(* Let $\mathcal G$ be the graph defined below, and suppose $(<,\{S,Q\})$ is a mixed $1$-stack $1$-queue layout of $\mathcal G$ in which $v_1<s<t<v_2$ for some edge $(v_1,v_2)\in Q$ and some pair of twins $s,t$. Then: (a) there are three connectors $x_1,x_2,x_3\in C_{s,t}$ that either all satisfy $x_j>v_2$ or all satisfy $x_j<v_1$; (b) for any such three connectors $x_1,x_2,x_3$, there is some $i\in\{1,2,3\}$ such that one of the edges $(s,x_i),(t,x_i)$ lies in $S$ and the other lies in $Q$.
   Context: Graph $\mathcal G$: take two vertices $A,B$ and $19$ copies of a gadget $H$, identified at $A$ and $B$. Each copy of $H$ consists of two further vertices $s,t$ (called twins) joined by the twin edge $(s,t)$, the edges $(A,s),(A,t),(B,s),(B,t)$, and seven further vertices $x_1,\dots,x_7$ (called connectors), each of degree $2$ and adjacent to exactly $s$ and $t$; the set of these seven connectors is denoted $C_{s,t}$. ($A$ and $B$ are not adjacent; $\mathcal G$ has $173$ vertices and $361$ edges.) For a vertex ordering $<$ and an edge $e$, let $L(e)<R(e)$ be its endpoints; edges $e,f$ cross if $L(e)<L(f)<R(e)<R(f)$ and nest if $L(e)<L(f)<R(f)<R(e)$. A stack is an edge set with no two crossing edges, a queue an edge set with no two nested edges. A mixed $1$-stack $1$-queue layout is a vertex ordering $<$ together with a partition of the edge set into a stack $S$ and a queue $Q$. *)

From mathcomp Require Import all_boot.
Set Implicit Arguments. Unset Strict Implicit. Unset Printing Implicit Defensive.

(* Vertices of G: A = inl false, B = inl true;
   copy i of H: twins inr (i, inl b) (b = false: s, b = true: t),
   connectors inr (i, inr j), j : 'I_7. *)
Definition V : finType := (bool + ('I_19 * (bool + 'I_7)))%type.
○ ○ ○ ○ ○
_Exercise details_: Looking at the records above, say how many lines contain the string "false". Give the number and no other words.

_Response area_: 2